What the task requires: Within the data below, state how many lines contain the string "through". Provide the number only.

Material provided:
(* Let $\mathbf A,\mathbf B$ be $\tau$-algebras. Then $\mathbf B\in\mathbb{HSP}(\mathbf A)$ if and only if the map $\varepsilon:\mathbf A^\uparrow\to\mathbf B^\uparrow$, $\varepsilon(t^{\mathbf A})=t^{\mathbf B}$ ($t$ a $\tau$-term over $V$), is a well-defined homomorphism of infinitary clone $\tau$-algebras.
   Context: $\tau$ is a set of $\omega$-ary operation symbols disjoint from $\{q\}\cup\{e_i:i\in\omega\}$; a $\tau$-algebra has operations $A^\omega\to A$. $\tau$-terms over $V=\{e_0,e_1,\dots\}$ are well-founded countably branching terms built by $f(t_0,t_1,\dots)$; term operations: $e_i^{\mathbf A}(s)=s_i$, $f(t_0,t_1,\dots)^{\mathbf A}(s)=f^{\mathbf A}(t_0^{\mathbf A}(s),t_1^{\mathbf A}(s),\dots)$. $\mathbb{HSP}(\mathbf A)$ is the class of algebras isomorphic to homomorphic images of subalgebras of arbitrary direct powers of $\mathbf A$. An infinitary clone $\tau$-algebra is an algebra with constants $e_i$ ($i\in\omega$), a constant $f$ for each $f\in\tau$, and an $\omega$-ary $q$ satisfying (N1) $q(e_i,x_0,x_1,\dots)=x_i$; (N2) $q(x,e_0,e_1,\dots)=x$; (N3) $q(q(x,y_0,y_1,\dots),\boldsymbol z)=q(x,q(y_0,\boldsymbol z),q(y_1,\boldsymbol z),\dots)$. $\mathbf A^\uparrow$ is the set $\{t^{\mathbf A}\}$ of term operations with $e_i(s)=s_i$, $q(g_0,g_1,\dots)(s)=g_0(g_1(s),g_2(s),\dots)$ and $f\mapsto f^{\mathbf A}$. *)

Set Implicit Arguments.

Record algebra (tau : Type) := Algebra {
  carrier :> Type;
  op : tau -> (nat -> carrier) -> carrier }.
Arguments op {tau} a f s.

(* tau-terms over V = {e_0, e_1, ...}: well-founded countably branching trees. *)
Inductive term (tau : Type) : Type :=
| e : nat -> term tau
| app : tau -> (nat -> term tau) -> term tau.
Arguments e {tau} i.

Fixpoint term_op (tau : Type) (A : algebra tau) (t : term tau) (s : nat -> A) : A :=
  match t with
  | e i => s i
  | app f ts => op A f (fun i => term_op A (ts i) s)
  end.

Definition is_hom {tau : Type} (A B : algebra tau) (h : A -> B) : Prop :=
  forall (f : tau) (s : nat -> A), h (op A f s) = op B f (fun i => h (s i)).

Definition surjective (X Y : Type) (h : X -> Y) : Prop := forall y, exists x, h x = y.

Definition is_iso {tau : Type} (A B : algebra tau) (h : A -> B) : Prop :=
  is_hom A B h /\ exists g : B -> A, (forall x, g (h x) = x) /\ (forall y, h (g y) = y).

Definition power (tau : Type) (A : algebra tau) (I : Type) : algebra tau :=
  @Algebra tau (I -> A) (fun f s k => op A f (fun n => s n k)).

Definition closed (tau : Type) (A : algebra tau) (S : A -> Prop) : Prop :=
  forall (f : tau) (s : nat -> A), (forall n, S (s n)) -> S (op A f s).

Definition subalg (tau : Type) (A : algebra tau) (S : A -> Prop) (HS : closed A S)
  : algebra tau :=
  @Algebra tau {x : A | S x}
    (fun f s => exist S (op A f (fun n => proj1_sig (s n)))
                  (HS f _ (fun n => proj2_sig (s n)))).

Definition HSP (tau : Type) (A B : algebra tau) : Prop :=
  exists (I : Type) (S : power A I -> Prop) (HS : closed (power A I) S)
         (C : algebra tau) (h : subalg HS -> C) (k : C -> B),
    is_hom _ _ h /\ surjective h /\ is_iso _ _ k.

(* The clone tau-algebra operations on the set of all omega-ary operations
   (nat -> A) -> A; A^up is the subset of term operations. *)
Definition up_e (tau : Type) (A : algebra tau) (i : nat) : (nat -> A) -> A :=
  fun s => s i.
Definition up_f (tau : Type) (A : algebra tau) (f : tau) : (nat -> A) -> A :=
  fun s => op A f s.
Definition up_q {tau : Type} (A : algebra tau)
  (g0 : (nat -> A) -> A) (g : nat -> (nat -> A) -> A) : (nat -> A) -> A :=
  fun s => g0 (fun i => g i s).

Definition in_up (tau : Type) (A : algebra tau) (g : (nat -> A) -> A) : Prop :=
  exists t : term tau, g = term_op A t.

(* h restricted to A^up is a homomorphism of infinitary clone tau-algebras
   A^up -> B^up: it preserves the constants e_i, the constants f, and q. *)
Definition up_hom (tau : Type) (A B : algebra tau)
  (h : ((nat -> A) -> A) -> ((nat -> B) -> B)) : Prop :=
  (forall i, h (up_e A i) = up_e B i) /\
  (forall f, h (up_f A f) = up_f B f) /\
  (forall g0 g, in_up A g0 -> (forall i, in_up A (g i)) ->
     h (up_q A g0 g) = up_q B (h g0) (fun i => h (g i))).

From Stdlib Require Import FunctionalExtensionality ProofIrrelevance ClassicalEpsilon Cantor.
Set Implicit Arguments.

(* Both sides say that every identity t1 = t2 valid in A is valid in B.  The
   operators H, S and P preserve identities.  Conversely, if B satisfies the
   identities of A, then B is the image of the subalgebra of A^(B -> A)
   generated by the projections k |-> k b under the map sending
   k |-> t^A(k b_0, k b_1, ...) to t^B(b_0, b_1, ...).  Finally, t^A |-> t^B
   is well defined exactly when identities transfer, and it then preserves
   e_i, f and q because q acts on term operations as substitution of terms. *)

Section Terms.
Context {tau : Type}.

Fixpoint subst (t : term tau) (sg : nat -> term tau) : term tau :=
  match t with
  | e i => sg i
  | app f ts => app f (fun n => subst (ts n) sg)
  end.

Lemma term_op_subst (X : algebra tau) t sg s :
  term_op X (subst t sg) s = term_op X t (fun i => term_op X (sg i) s).
Proof.
  induction t as [i | f ts IH]; simpl; auto.
  f_equal. apply functional_extensionality; intro n; apply IH.
Qed.

Definition rename (t : term tau) (r : nat -> nat) : term tau :=
  subst t (fun i => e (r i)).

Lemma term_op_rename (X : algebra tau) t r s :
  term_op X (rename t r) s = term_op X t (fun i => s (r i)).
Proof. unfold rename; rewrite term_op_subst; reflexivity. Qed.

(* Countably many parameter tuples [bs n] are packed into one tuple through
   the Cantor pairing; [shift_term t n] reads its variables from block [n]. *)
Definition merge_params {Z : Type} (bs : nat -> nat -> Z) (j : nat) : Z :=
  let (n, m) := of_nat j in bs n m.

Definition shift_term (t : term tau) (n : nat) : term tau :=
  rename t (fun m => to_nat (n, m)).

Lemma term_op_shift (X : algebra tau) (Z : Type) t n (bs : nat -> nat -> Z) (k : Z -> X) :
  term_op X (shift_term t n) (fun j => k (merge_params bs j)) =
  term_op X t (fun m => k (bs n m)).
Proof.
  unfold shift_term; rewrite term_op_rename.
  f_equal; apply functional_extensionality; intro m.
  unfold merge_params; rewrite cancel_of_to; reflexivity.
Qed.

Definition app_merge (f : tau) (ts : nat -> term tau) : term tau :=
  app f (fun n => shift_term (ts n) n).

Lemma term_op_app_merge (X : algebra tau) (Z : Type) f ts (bs : nat -> nat -> Z) (k : Z -> X) :
  term_op X (app_merge f ts) (fun j => k (merge_params bs j)) =
  op X f (fun n => term_op X (ts n) (fun m => k (bs n m))).
Proof.
  simpl. f_equal; apply functional_extensionality; intro n.
  apply term_op_shift.
Qed.

Lemma up_q_term_op (X : algebra tau) t0 ts :
  up_q X (term_op X t0) (fun i => term_op X (ts i)) = term_op X (subst t0 ts).
Proof.
  apply functional_extensionality; intro s.
  unfold up_q; rewrite term_op_subst; reflexivity.
Qed.

Lemma term_op_power (A : algebra tau) (I : Type) t (s : nat -> power A I) :
  term_op (power A I) t s = fun k => term_op A t (fun n => s n k).
Proof.
  induction t as [i | f ts IH]; simpl; auto.
  apply functional_extensionality; intro k. f_equal.
  apply functional_extensionality; intro n. rewrite IH. reflexivity.
Qed.

Lemma term_op_subalg (X : algebra tau) S (HS : closed X S) t (s : nat -> subalg HS) :
  proj1_sig (term_op (subalg HS) t s) = term_op X t (fun n => proj1_sig (s n)).
Proof.
  induction t as [i | f ts IH]; simpl; auto.
  f_equal. apply functional_extensionality; intro n. apply IH.
Qed.

Lemma term_op_hom (C D : algebra tau) h (Hh : is_hom C D h) t s :
  h (term_op C t s) = term_op D t (fun n => h (s n)).
Proof.
  induction t as [i | f ts IH]; simpl; auto.
  rewrite Hh. f_equal. apply functional_extensionality; intro n. apply IH.
Qed.

Definition identities_hold_in (A B : algebra tau) : Prop :=
  forall t1 t2 : term tau, term_op A t1 = term_op A t2 -> term_op B t1 = term_op B t2.

End Terms.

Section HSPIdentities.
Context {tau : Type} (A : algebra tau).

Lemma identities_hold_in_power (I : Type) : identities_hold_in A (power A I).
Proof.
  intros t1 t2 E. apply functional_extensionality; intro s.
  rewrite !term_op_power, E. reflexivity.
Qed.

Lemma identities_hold_in_subalg (X : algebra tau) S (HS : closed X S) :
  identities_hold_in A X -> identities_hold_in A (subalg HS).
Proof.
  intros HX t1 t2 E. apply functional_extensionality; intro s.
  apply eq_sig_hprop; [intros; apply proof_irrelevance |].
  rewrite !term_op_subalg, (HX _ _ E). reflexivity.
Qed.

Lemma identities_hold_in_hom_image (C D : algebra tau) h :
  identities_hold_in A C -> is_hom C D h -> surjective h -> identities_hold_in A D.
Proof.
  intros HC Hh Hsurj t1 t2 E. apply functional_extensionality; intro s.
  destruct (choice (fun n x => h x = s n) (fun n => Hsurj (s n))) as [s' Hs'].
  replace s with (fun n => h (s' n)) by (apply functional_extensionality; exact Hs').
  rewrite <- !(term_op_hom Hh), (HC _ _ E). reflexivity.
Qed.

Lemma HSP_identities (B : algebra tau) : HSP A B -> identities_hold_in A B.
Proof.
  intros (I & S & HS & C & h & k & Hh & Hsurj & Hk & g & _ & Hkg).
  apply (identities_hold_in_hom_image (h := k)); [| exact Hk | intro y; exists (g y); apply Hkg].
  apply (identities_hold_in_hom_image (h := h)); auto.
  apply identities_hold_in_subalg, identities_hold_in_power.
Qed.

End HSPIdentities.

Section IdentitiesHSP.
Context {tau : Type} (A B : algebra tau).
Hypothesis HAB : identities_hold_in A B.

(* Choosing an index [r b] for each value [b] of [g] turns the hypothesis,
   which only concerns assignments factoring through [g], into a genuine
   identity of A between the renamed terms. *)
Lemma term_op_eq_of_assignments t1 t2 (g : nat -> B) :
  (forall k : B -> A,
     term_op A t1 (fun n => k (g n)) = term_op A t2 (fun n => k (g n))) ->
  term_op B t1 g = term_op B t2 g.
Proof.
  intro Hk.
  set (r := fun b => epsilon (inhabits 0) (fun j => g j = b)).
  assert (Hr : forall n, g (r (g n)) = g n)
    by (intro n; apply (epsilon_spec (inhabits 0) (fun j => g j = g n)); exists n; reflexivity).
  assert (HA : term_op A (rename t1 (fun n => r (g n))) = term_op A (rename t2 (fun n => r (g n)))).
  { apply functional_extensionality; intro s.
    rewrite !term_op_rename. exact (Hk (fun b => s (r b))). }
  pose proof (equal_f (HAB _ _ HA) g) as HB.
  rewrite !term_op_rename in HB.
  replace (fun i => g (r (g i))) with g in HB
    by (apply functional_extensionality; intro i; symmetry; apply Hr).
  exact HB.
Qed.

Lemma term_op_eq_of_parametrized_assignments t1 t2 (b1 b2 : nat -> B) :
  (forall k : B -> A,
     term_op A t1 (fun n => k (b1 n)) = term_op A t2 (fun n => k (b2 n))) ->
  term_op B t1 b1 = term_op B t2 b2.
Proof.
  intro Hk.
  set (bs := fun n => match n with 0 => b1 | _ => b2 end).
  assert (E1 : term_op B t1 b1 = term_op B (shift_term t1 0) (merge_params bs))
    by (symmetry; exact (term_op_shift B t1 0 bs (fun b => b))).
  assert (E2 : term_op B t2 b2 = term_op B (shift_term t2 1) (merge_params bs))
    by (symmetry; exact (term_op_shift B t2 1 bs (fun b => b))).
  rewrite E1, E2.
  apply term_op_eq_of_assignments; intro k.
  rewrite !term_op_shift. apply Hk.
Qed.

End IdentitiesHSP.

Section ProjectionGenerated.
Context {tau : Type} (A B : algebra tau).

Definition projection_generated (x : power A (B -> A)) : Prop :=
  exists tb : term tau * (nat -> B),
    x = fun k => term_op A (fst tb) (fun n => k (snd tb n)).

Lemma projection_generated_closed : closed (power A (B -> A)) projection_generated.
Proof.
  intros f s Hs.
  destruct (choice _ Hs) as [tbs Htbs].
  exists (app_merge f (fun n => fst (tbs n)), merge_params (fun n => snd (tbs n))).
  apply functional_extensionality; intro k; simpl fst; simpl snd.
  rewrite term_op_app_merge. simpl. f_equal.
  apply functional_extensionality; intro n. rewrite (Htbs n). reflexivity.
Qed.

Let F := subalg projection_generated_closed.

Definition representation (x : F) : term tau * (nat -> B) :=
  proj1_sig (constructive_indefinite_description _ (proj2_sig x)).

Lemma representationP (x : F) :
  proj1_sig x = fun k => term_op A (fst (representation x)) (fun n => k (snd (representation x) n)).
Proof. exact (proj2_sig (constructive_indefinite_description _ (proj2_sig x))). Qed.

Definition eval_representation (x : F) : B :=
  term_op B (fst (representation x)) (snd (representation x)).

Hypothesis HAB : identities_hold_in A B.

Lemma eval_representation_eq (x : F) t b :
  proj1_sig x = (fun k => term_op A t (fun n => k (b n))) ->
  eval_representation x = term_op B t b.
Proof.
  intro Hx. apply (term_op_eq_of_parametrized_assignments HAB); intro k.
  rewrite <- (equal_f Hx k). symmetry; exact (equal_f (representationP x) k).
Qed.

Lemma eval_representation_hom : is_hom F B eval_representation.
Proof.
  intros f s.
  set (ts := fun n => fst (representation (s n))).
  set (bs := fun n => snd (representation (s n))).
  rewrite (eval_representation_eq _ (app_merge f ts) (merge_params bs)).
  - exact (term_op_app_merge B f ts bs (fun b => b)).
  - apply functional_extensionality; intro k.
    rewrite term_op_app_merge. simpl. f_equal.
    apply functional_extensionality; intro n. exact (equal_f (representationP (s n)) k).
Qed.

Lemma eval_representation_surjective : surjective eval_representation.
Proof.
  intro y.
  assert (Hy : projection_generated (fun k => k y)) by (exists (e 0, fun _ => y); reflexivity).
  exists (exist _ _ Hy).
  exact (eval_representation_eq (exist _ _ Hy) (e 0) (fun _ => y) eq_refl).
Qed.

End ProjectionGenerated.

Lemma identities_HSP {tau : Type} (A B : algebra tau) : identities_hold_in A B -> HSP A B.
Proof.
  intro HAB.
  exists (B -> A), (@projection_generated _ A B), (@projection_generated_closed _ A B), B,
    (@eval_representation _ A B), (fun b => b).
  split; [| split].
  - exact (eval_representation_hom HAB).
  - exact (eval_representation_surjective HAB).
  - split; [intros f s; reflexivity | exists (fun b => b); split; reflexivity].
Qed.

Section TermTransfer.
Context {tau : Type} {A B : algebra tau}.

Lemma identities_term_transfer {eps : ((nat -> A) -> A) -> ((nat -> B) -> B)} :
  (forall t, eps (term_op A t) = term_op B t) -> identities_hold_in A B.
Proof. intros Heps t1 t2 E. rewrite <- !Heps, E. reflexivity. Qed.

Lemma term_transfer_identities :
  identities_hold_in A B ->
  exists eps : ((nat -> A) -> A) -> ((nat -> B) -> B),
    forall t, eps (term_op A t) = term_op B t.
Proof.
  intro HAB.
  exists (fun g => term_op B (epsilon (inhabits (e 0)) (fun t => g = term_op A t))).
  intro t. apply HAB. symmetry.
  apply (epsilon_spec (inhabits (e 0)) (fun t' => term_op A t = term_op A t')).
  exists t; reflexivity.
Qed.

Lemma up_hom_term_transfer {eps : ((nat -> A) -> A) -> ((nat -> B) -> B)} :
  (forall t, eps (term_op A t) = term_op B t) -> up_hom A B eps.
Proof.
  intro Heps. split; [| split].
  - intro i. exact (Heps (e i)).
  - intro f. exact (Heps (app f e)).
  - intros g0 g [t0 ->] Hg.
    destruct (choice _ Hg) as [ts Hts].
    replace g with (fun i => term_op A (ts i)) by (apply functional_extensionality; intro i; symmetry; apply Hts).
    rewrite up_q_term_op, Heps, <- up_q_term_op, Heps.
    f_equal. apply functional_extensionality; intro i. symmetry; apply Heps.
Qed.

End TermTransfer.

Theorem proposition8p1 (tau : Type) (A B : algebra tau) :
  HSP A B <->
  exists eps : ((nat -> A) -> A) -> ((nat -> B) -> B),
    (forall t : term tau, eps (term_op A t) = term_op B t) /\ up_hom A B eps.
Proof.
  split.
  - intro HSP_AB.
    destruct (term_transfer_identities (HSP_identities HSP_AB)) as [eps Heps].
    exists eps. split; [exact Heps | exact (up_hom_term_transfer Heps)].
  - intros (eps & Heps & _).
    exact (identities_HSP (identities_term_transfer Heps)).
Qed.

Exercise result: 2